While green building often focuses on improvements to the energy efficiency of homes with mechanical heating, cooling, and ventilation systems, another trend explores non-mechanical means toward comfort. The low-tech approach, sometimes called biomimicry, relies on some conventional methods home designers and builders have used in response to local climates in combination with others that are inspired by nature.
Steve Mouzon published The Original Green: Unlocking the Mystery of True Sustainability 10 years ago. Had he published the book today, the title may have read “Unlocking the Mystery of Resiliency.” “Originally (before the Thermostat Age), people had no choice but to build green. Otherwise, people would not survive long,” Mouzon writes. “Green,” in this case, refers to using building materials and methods appropriate for the region to lessen dependence on mechanical life support (HVAC) or even connection to a utility grid.
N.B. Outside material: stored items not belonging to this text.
Definition Phi (n : nat) : {poly rat} := map_poly (intr : int -> rat) 'Phi_n.

Definition qcong (A B : RF) (P : {poly rat}) : Prop :=
  exists N D : {poly rat}, [/\ D != 0, coprimep D P, P %| N & A - B = N%:F / D%:F].

From HB Require Import structures.
From mathcomp Require Import all_boot all_order all_algebra all_field.
From mathcomp Require Import ring zify.
Import Order.TTheory GRing.Theory Num.Theory.
Local Open Scope ring_scope.

(* Both sums telescope:
     sum_(k <= m) [4k+1] (q;q^2)_k^2 / (q^2;q^2)_k^2 q^-k
       = q^-m [2m+2]^2 (q;q^2)_(m+1)^2 / (q^2;q^2)_(m+1)^2,
     sum_(k <= m) [4k-1] (q^-1;q^2)_k^2 / (q^2;q^2)_k^2 q^k
       = - q^(m-1) (q;q^2)_m^2 / (q^2;q^2)_m^2.
   Let n = m + 1 be odd, B = [2n choose n] and E = (-q;q)_m (-q;q)_n.  The
   identity B (q^2;q^2)_n = (q;q^2)_n (-q;q)_n^2 gives
     (q;q^2)_n [2n] / (q^2;q^2)_n = [n] B / E = (q;q^2)_m [2n-1] / (q^2;q^2)_m,
   so the two differences are
     [n]^2 (B^2 - q^n E^2) / (q^m E^2)  and
     [n]^2 (q E^2 [2n-1]^2 - q^m B^2) / (q E^2 [2n-1]^2).
   As n is odd, the denominators do not vanish at n-th roots of unity.  At a
   primitive n-th root of unity z we have z [2n-1](z) = -1 and B(z) = E(z):
   in B (q^2;q^2)_m = E prod_(i < n, 2i+1 <> n) (1 - q^(2i+1)) both products
   evaluate to prod_(0 < r < n) (1 - z^r) <> 0, because j |-> 2j and
   j |-> 2j+1 permute Z/nZ.  Hence Phi_n divides both numerators. *)

Section QFactorials.
Context {R : comNzRingType}.

Definition qfac k : {poly R} := \prod_(i < k) (1 - 'X^(i.+1)).
Definition qfacN k : {poly R} := \prod_(i < k) (1 + 'X^(i.+1)).
Definition qfac_odd k : {poly R} := \prod_(i < k) (1 - 'X^((2 * i).+1)).
Definition qfac_even k : {poly R} := \prod_(i < k) (1 - 'X^((2 * i).+2)).
Definition qfacN_pair m : {poly R} := qfacN m * qfacN m.+1.
Definition qfac_odd_but n h : {poly R} :=
  \prod_(i < n | i != h :> nat) (1 - 'X^((2 * i).+1)).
A lesser known but no less valuable book authored by Mouzon is A Living Tradition: Architecture of the Bahamas. While researching this book, Mouzon learned a valuable lesson. He realized that asking the question “Why did they do it this way?” held the key to deep learning. After Hurricane Dorian devastated the island and “sucked the economy out to sea,” as Mouzon puts it, his book—which chronicles four centuries of Bahamian building traditions—helped island contractors rediscover what builders knew centuries ago.
From Mouzon’s book, modern Bahamian builders learned that island roofs configured as hips resisted high winds because, as Mouzon writes: “In the four-sided geometry, each roof panel supports the others, strengthening the structure beyond the resistance of a conventional gable roof.” Gables often collapse in hurricane winds. Traditional Bahamian houses have roof pitches between 8:12 and 9:12, which hurricane researchers have determined is “a sweet spot, such that the pitch is not so high as to overturn the structure or so low that uplift pressures blow off the roof,” Mouzon explains. How did island builders engineer these strategies centuries ago? “Some hard-won wisdom,” Mouzon answers, adding: “When certain types of homes held up to storms while others did not, people said, ‘Let’s build houses molded on the ones that survived.’”
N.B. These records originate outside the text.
(* Consider the exact value iteration $P_{i+1}=\mathcal R(P_i,S)$ with $P_0\in\mathbb S^n_+$. Fix $\theta\in(\rho(A^* ),1)$ and a constant $C_\theta\ge1$ such that $\|(A^* )^i\|_2\le C_\theta\theta^i$ for all $i\ge0$. Let $\nu=\|A^*\|_2^2\,\|BR^{-1}B^\top\|_2$, assume $\nu>0$, and set $\delta_\theta=\dfrac{\theta^2(1-\theta^2)}{4\nu C_\theta^4}$. If $\|P_0-P^*\|_2\le\delta_\theta$, then for all $i\in\mathbb Z_+$, $$\|P_i-P^*\|_2\le 2C_\theta^2\,\theta^{2i}\,\|P_0-P^*\|_2.$$
   Context: Let $n,m\ge 1$, $A\in\mathbb R^{n\times n}$, $B\in\mathbb R^{n\times m}$, $S\in\mathbb S^n_{++}$, $R\in\mathbb S^m_{++}$, with $(A,B)$ stabilizable. $\mathbb S^n$, $\mathbb S^n_+$, $\mathbb S^n_{++}$ denote symmetric, positive semidefinite, positive definite $n\times n$ matrices; $\|\cdot\|_2$ spectral norm; $\rho$ spectral radius. For $P\in\mathbb S^n_+$ and $S'\in\mathbb S^n$, $\mathcal R(P,S')=A^\top PA-A^\top PB(R+B^\top PB)^{-1}B^\top PA+S'$. $P^*\in\mathbb S^n_{++}$ is the unique positive definite solution of $P=\mathcal R(P,S)$, $K^*=(R+B^\top P^*B)^{-1}B^\top P^*A$, $A^*=A-BK^*$, with $\rho(A^* )<1$ (so such $C_\theta$ exists). *)

From HB Require Import structures.
From mathcomp Require Import all_boot all_order all_algebra.
From mathcomp Require Import all_classical all_reals.
Set Implicit Arguments. Unset Strict Implicit. Unset Printing Implicit Defensive.
Import Order.TTheory GRing.Theory Num.Theory.
Local Open Scope ring_scope.
Local Open Scope classical_set_scope.

Section Defs.
Variable R : realType.

Definition vnorm2 (k : nat) (x : 'cV[R]_k) : R :=
  Num.sqrt (\sum_(i < k) x i 0 ^+ 2).

Definition specnorm (p q : nat) (M : 'M[R]_(p, q)) : R :=
  sup [set e : R | exists x : 'cV[R]_q, x != 0 /\ e = vnorm2 (M *m x) / vnorm2 x].

(* a + i b is a (complex) eigenvalue of the real matrix M: there is a nonzero
   complex vector u + i v with M (u + i v) = (a + i b)(u + i v), written in
   real coordinates. *)
Definition is_complex_eigenvalue (k : nat) (M : 'M[R]_k) (a b : R) : Prop :=
  exists u v : 'cV[R]_k, (u != 0 \/ v != 0) /\
    M *m u = a *: u - b *: v /\ M *m v = b *: u + a *: v.

Definition specrad (k : nat) (M : 'M[R]_k) : R :=
  sup [set r : R | exists a b : R, is_complex_eigenvalue M a b /\
                   r = Num.sqrt (a ^+ 2 + b ^+ 2)].

Definition symmetric (k : nat) (M : 'M[R]_k) : Prop := M^T = M.
Definition psd (k : nat) (M : 'M[R]_k) : Prop :=
  symmetric M /\ forall x : 'cV[R]_k, 0 <= (x^T *m M *m x) 0 0.
Definition pd (k : nat) (M : 'M[R]_k) : Prop :=
  symmetric M /\ forall x : 'cV[R]_k, x != 0 -> 0 < (x^T *m M *m x) 0 0.

Definition stabilizable (n m : nat) (A : 'M[R]_n) (B : 'M[R]_(n, m)) : Prop :=
  exists K : 'M[R]_(m, n), specrad (A - B *m K) < 1.

Definition riccati (n m : nat) (A : 'M[R]_n) (B : 'M[R]_(n, m)) (Rm : 'M[R]_m)
  (P S' : 'M[R]_n) : 'M[R]_n :=
  A^T *m P *m A - A^T *m P *m B *m invmx (Rm + B^T *m P *m B) *m B^T *m P *m A + S'.

Definition value_iter (n m : nat) (A : 'M[R]_n) (B : 'M[R]_(n, m)) (Rm : 'M[R]_m)
  (S P0 : 'M[R]_n) (i : nat) : 'M[R]_n :=
  iter i (fun P => riccati A B Rm P S) P0.

Definition gain (n m : nat) (A : 'M[R]_n) (B : 'M[R]_(n, m)) (Rm : 'M[R]_m)
  (P : 'M[R]_n) : 'M[R]_(m, n) :=
  invmx (Rm + B^T *m P *m B) *m B^T *m P *m A.

End Defs.

From Pilot Require Import Defs.
From HB Require Import structures.
From mathcomp Require Import all_boot all_order all_algebra.
From mathcomp Require Import all_classical all_reals.
From mathcomp Require Import ring lra.
Import Order.TTheory GRing.Theory Num.Theory.
Local Open Scope ring_scope.
Set Implicit Arguments. Unset Strict Implicit. Unset Printing Implicit Defensive.

(* Write D_i = P_i - P_* and A_* = A - B K_*.  Completing the square in the Riccati
   operator gives the exact error recursion
     D_{i+1} = A_*^T D_i A_* - A_*^T D_i B (R + B^T P_i B)^-1 B^T D_i A_*,
   and since (R + B^T P_i B)^-1 <= R^-1 the quadratic remainder has norm at most
   nu ||D_i||^2.  Unrolling the linear part with ||A_*^j|| <= C theta^j yields
     ||D_i|| <= C^2 theta^(2i) ||D_0|| + sum_(l<i) C^2 theta^(2(i-1-l)) nu ||D_l||^2,
   and a strong induction closes: once ||D_l|| <= 2 C^2 theta^(2l) ||D_0|| for l < i,
   the smallness of ||D_0|| turns the sum into a geometric series bounded by
   C^2 theta^(2i) ||D_0||. *)

Lemma sqr_le_of_quadratic_ge0 (R : realFieldType) (a b c : R) : 0 <= a ->
  (forall t, 0 <= t ^+ 2 * a - 2 * t * b + c) -> b ^+ 2 <= a * c.
Proof.
move=> a_ge0 H; have [a0|a_neq0] := eqVneq a 0.
  rewrite a0 mul0r; have [->|b_neq0] := eqVneq b 0; first by rewrite expr0n.
  have := H ((c + 1) / (2 * b)); rewrite a0 mulr0 add0r.
  have -> : 2 * ((c + 1) / (2 * b)) * b = c + 1 by field.
  lra.
have a_gt0 : 0 < a by rewrite lt_def a_neq0.
have := H (b / a).
have -> : (b / a) ^+ 2 * a - 2 * (b / a) * b + c = (a * c - b ^+ 2) / a by field.
by rewrite pmulr_lge0 ?invr_gt0 // subr_ge0.
Qed.

Section QuadraticForms.
Variable R : realType.

Definition mxform k (M : 'M[R]_k) (y x : 'cV[R]_k) : R := (y^T *m M *m x) 0 0.

Lemma mxformC k (M : 'M[R]_k) y x : M^T = M -> mxform M x y = mxform M y x.
Proof.
move=> sM; have trE (N : 'M[R]_1) : N 0 0 = N^T 0 0 by rewrite mxE.
by rewrite /mxform trE !trmx_mul trmxK sM !mulmxA.
Qed.

Lemma mxformD k (M N : 'M[R]_k) y x : mxform (M + N) y x = mxform M y x + mxform N y x.
Proof. by rewrite /mxform mulmxDr mulmxDl mxE. Qed.

Lemma mxform_trmx_mul k l (N : 'M[R]_(k, l)) (M : 'M[R]_k) y x :
  mxform (N^T *m M *m N) y x = mxform M (N *m y) (N *m x).
Proof. by rewrite /mxform trmx_mul !mulmxA. Qed.

Lemma mxform_lincomb k (M : 'M[R]_k) y x t : M^T = M ->
  mxform M (t *: y - x) (t *: y - x) =
  t ^+ 2 * mxform M y y - 2 * t * mxform M y x + mxform M x x.
Proof.
move=> sM; have := mxformC y x sM; rewrite /mxform.
have -> : (t *: y - x)^T = t *: y^T - x^T by rewrite linearB linearZ.
rewrite !mulmxBl !mulmxBr -!scalemxAl -!scalemxAr !mxE => ->; ring.
Qed.

Lemma psd_mxform_ge0 k (M : 'M[R]_k) x : psd M -> 0 <= mxform M x x.
Proof. by case=> _; apply. Qed.

Lemma psd_cauchy_schwarz k (M : 'M[R]_k) y x : psd M ->
  mxform M y x <= Num.sqrt (mxform M y y) * Num.sqrt (mxform M x x).
Proof.
move=> pM; rewrite -sqrtrM ?psd_mxform_ge0 //.
apply: le_trans (ler_norm _) _; rewrite -sqrtr_sqr ler_sqrt ?mulr_ge0 ?psd_mxform_ge0 //.
apply: sqr_le_of_quadratic_ge0 => [|t]; first exact: psd_mxform_ge0.
by rewrite -mxform_lincomb; [exact: psd_mxform_ge0 | case: pM].
Qed.

Lemma pd_psd k (M : 'M[R]_k) : pd M -> psd M.
Proof.
case=> sM pM; split=> // z; have [->|z0] := eqVneq z 0; last exact/ltW/pM.
by rewrite mulmx0 mxE.
Qed.

Lemma psdD k (M N : 'M[R]_k) : psd M -> psd N -> psd (M + N).
Proof.
move=> [sM pM] [sN pN]; split; first by rewrite /Defs.symmetric linearD /= sM sN.
by move=> z; rewrite -/(mxform _ z z) mxformD addr_ge0 ?pM ?pN.
Qed.

Lemma psd_trmx_mul k l (N : 'M[R]_(k, l)) (M : 'M[R]_k) : psd M -> psd (N^T *m M *m N).
Proof.
move=> pM; have [sM _] := pM.
split; first by rewrite /Defs.symmetric !trmx_mul trmxK sM mulmxA.
by move=> z; rewrite -/(mxform _ z z) mxform_trmx_mul psd_mxform_ge0.
Qed.

Lemma pd_addr k (M N : 'M[R]_k) : pd M -> psd N -> pd (M + N).
Proof.
move=> pM pN; have [sMN _] := psdD (pd_psd pM) pN; split=> // z z0.
by rewrite -/(mxform _ z z) mxformD ltr_wpDr ?psd_mxform_ge0 //; case: pM => _; apply.
Qed.

Lemma pd_unitmx k (M : 'M[R]_k) : pd M -> M \in unitmx.
Proof.
case=> _ pM; rewrite unitmxE unitfE; apply/negP => /det0P [v v0 vM].
have vT0 : v^T != 0 by apply: contra v0 => /eqP h; rewrite -(trmxK v) h trmx0.
by have := pM _ vT0; rewrite trmxK vM mul0mx mxE ltxx.
Qed.

Lemma mxform_invmxr k (M : 'M[R]_k) z y : M \in unitmx ->
  mxform M z (invmx M *m y) = (z^T *m y) 0 0.
Proof. by move=> uM; rewrite /mxform -mulmxA mulKVmx. Qed.

Lemma psd_invmx k (M : 'M[R]_k) : psd M -> M \in unitmx -> psd (invmx M).
Proof.
case=> sM pM uM; have sMi : (invmx M)^T = invmx M by rewrite trmx_inv sM.
split=> // y; have := pM (invmx M *m y); rewrite -/(mxform _ _ _) mxform_invmxr //.
by rewrite trmx_mul sMi.
Qed.

Lemma mxform_invmx_ge k (M : 'M[R]_k) z y : psd M -> M \in unitmx ->
  2 * (z^T *m y) 0 0 - mxform M z z <= mxform (invmx M) y y.
Proof.
move=> pM uM; have sMi : (invmx M)^T = invmx M by case: (psd_invmx pM uM).
have := psd_mxform_ge0 (1 *: z - invmx M *m y) pM.
rewrite mxform_lincomb; last by case: pM.
rewrite expr1n mul1r mulr1 !mxform_invmxr // /mxform trmx_mul sMi; lra.
Qed.

Lemma mxform_invmx_antitone k (M D : 'M[R]_k) y : pd M -> psd D ->
  mxform (invmx (M + D)) y y <= mxform (invmx M) y y.
Proof.
move=> pM pD; have pMD := pd_addr pM pD; have uMD := pd_unitmx pMD.
set z := invmx (M + D) *m y.
have := mxform_invmx_ge z y (pd_psd pM) (pd_unitmx pM).
have sMDi : (invmx (M + D))^T = invmx (M + D) by case: (psd_invmx (pd_psd pMD) uMD).
have e1 : (z^T *m y) 0 0 = mxform (invmx (M + D)) y y by rewrite /mxform trmx_mul sMDi.
have e2 : mxform (M + D) z z = (z^T *m y) 0 0 by rewrite mxform_invmxr.
have := psd_mxform_ge0 z pD; rewrite mxformD in e2; lra.
Qed.

Definition dotv k (y x : 'cV[R]_k) : R := (y^T *m x) 0 0.

Lemma dotvE k (y x : 'cV[R]_k) : dotv y x = \sum_i y i 0 * x i 0.
Proof. by rewrite /dotv mxE; apply: eq_bigr => i _; rewrite mxE. Qed.

Lemma dotvC k (y x : 'cV[R]_k) : dotv y x = dotv x y.
Proof. by rewrite !dotvE; apply: eq_bigr => i _; rewrite mulrC. Qed.

Lemma dotvDl k (x y z : 'cV[R]_k) : dotv (x + y) z = dotv x z + dotv y z.
Proof. by rewrite !dotvE -big_split; apply: eq_bigr => i _; rewrite mxE mulrDl. Qed.

Lemma dotvDr k (x y z : 'cV[R]_k) : dotv z (x + y) = dotv z x + dotv z y.
Proof. by rewrite dotvC dotvDl !(dotvC z). Qed.

Lemma dotv_ge0 k (x : 'cV[R]_k) : 0 <= dotv x x.
Proof. by rewrite dotvE sumr_ge0 // => i _; rewrite -expr2 sqr_ge0. Qed.

Lemma dotv_mulmx p q (M : 'M[R]_(p, q)) y x : dotv y (M *m x) = dotv (M^T *m y) x.
Proof. by rewrite /dotv trmx_mul trmxK mulmxA. Qed.

Lemma mxform_dotv k (M : 'M[R]_k) y x : mxform M y x = dotv y (M *m x).
Proof. by rewrite /mxform /dotv mulmxA. Qed.

Lemma vnorm2E k (x : 'cV[R]_k) : vnorm2 x = Num.sqrt (dotv x x).
Proof. by rewrite /vnorm2 dotvE; congr Num.sqrt; apply: eq_bigr => i _; rewrite expr2. Qed.

Lemma vnorm2_ge0 k (x : 'cV[R]_k) : 0 <= vnorm2 x.
Proof. by rewrite vnorm2E sqrtr_ge0. Qed.

Lemma sqr_vnorm2 k (x : 'cV[R]_k) : vnorm2 x ^+ 2 = dotv x x.
Proof. by rewrite vnorm2E sqr_sqrtr // dotv_ge0. Qed.

Lemma vnorm2_0 k : vnorm2 (0 : 'cV[R]_k) = 0.
Proof. by rewrite vnorm2E dotvE big1 ?sqrtr0 // => i _; rewrite mxE mul0r. Qed.

Lemma vnorm2_gt0 k (x : 'cV[R]_k) : x != 0 -> 0 < vnorm2 x.
Proof.
move=> x0; rewrite lt_def vnorm2_ge0 andbT; apply: contra x0.
rewrite vnorm2E sqrtr_eq0 dotvE => x_le0.
have /psumr_eq0P x_eq0 : \sum_i x i 0 * x i 0 = 0.
  by apply/eqP; rewrite eq_le x_le0 sumr_ge0 // => i _; rewrite -expr2 sqr_ge0.
apply/eqP/matrixP => i j; rewrite ord1 mxE; apply/eqP.
by rewrite -sqrf_eq0 expr2 x_eq0 // => l _; rewrite -expr2 sqr_ge0.
Qed.

Lemma dotv_cauchy_schwarz k (y x : 'cV[R]_k) : dotv y x <= vnorm2 y * vnorm2 x.
Proof.
have pI : psd (1%:M : 'M[R]_k).
  by split=> [|z]; [rewrite /Defs.symmetric trmx1 | rewrite mulmx1 dotv_ge0].
by have := psd_cauchy_schwarz y x pI; rewrite !mxform_dotv !mul1mx -!vnorm2E.
Qed.

Lemma vnorm2D k (x y : 'cV[R]_k) : vnorm2 (x + y) <= vnorm2 x + vnorm2 y.
Proof.
rewrite -ler_sqr ?nnegrE ?addr_ge0 ?vnorm2_ge0 // sqrrD !sqr_vnorm2.
rewrite dotvDl !dotvDr (dotvC y x); have := dotv_cauchy_schwarz x y; lra.
Qed.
Mouzon found it curious that when the eye of Hurricane Irene cut across Schooner Bay in the Bahamas, the buildings sustained no damage—with the minor exception of a few outdoor ceiling fans. With winds exceeding 125 mph, the buildings in the town fared well, although none would have met U.S. hurricane building standards. Instead of modern building codes, they followed traditional practices. “Not a single home in Schooner Bay lost a single pane of glass,” Mouzon writes. “The windows were not Miami-Dade approved. The windows were built by fishermen. But homeowners did what they had always done. They shut the shutters. This not only saved the glass but all the ensuing damage that occurs when wind-driven rain floods the house. We use shutters as a decorative element with little thought to their practical, protective application.”
Mouzon lives in Tuscaloosa, Alabama, and has chronicled the building methods used by traditional builders to cope with heat and humidity. “If you look at windows in a moderate climate, like the upper East Coast, you’ll see Cape Cod[-style houses] with windows that stand three feet tall,” Mouzon explains, “but in the South, a window may stand nine feet [tall]. In the evening, you lower the upper sash and then raise the lower, and natural convection draws the cool, evening breeze into the house.”
Mouzon admits that what is required to create a more resilient world today includes people learning to tolerate a wider range of conditions. He writes: “In traditional societies, like in the Bahamas, you’ll find life occurs al fresco. People build attractive courtyards, and by spending time outside, their bodies get acclimatized. When it gets close to 90-degrees, folks use a hand-held fan to cool off. When it dips into the low sixties, they dress a little warmer. Today, we have thermostat wars over two degrees. With a two-degree comfort range, the only alternative is conditioning equipment running all day long because nature never stays within such a narrow range.”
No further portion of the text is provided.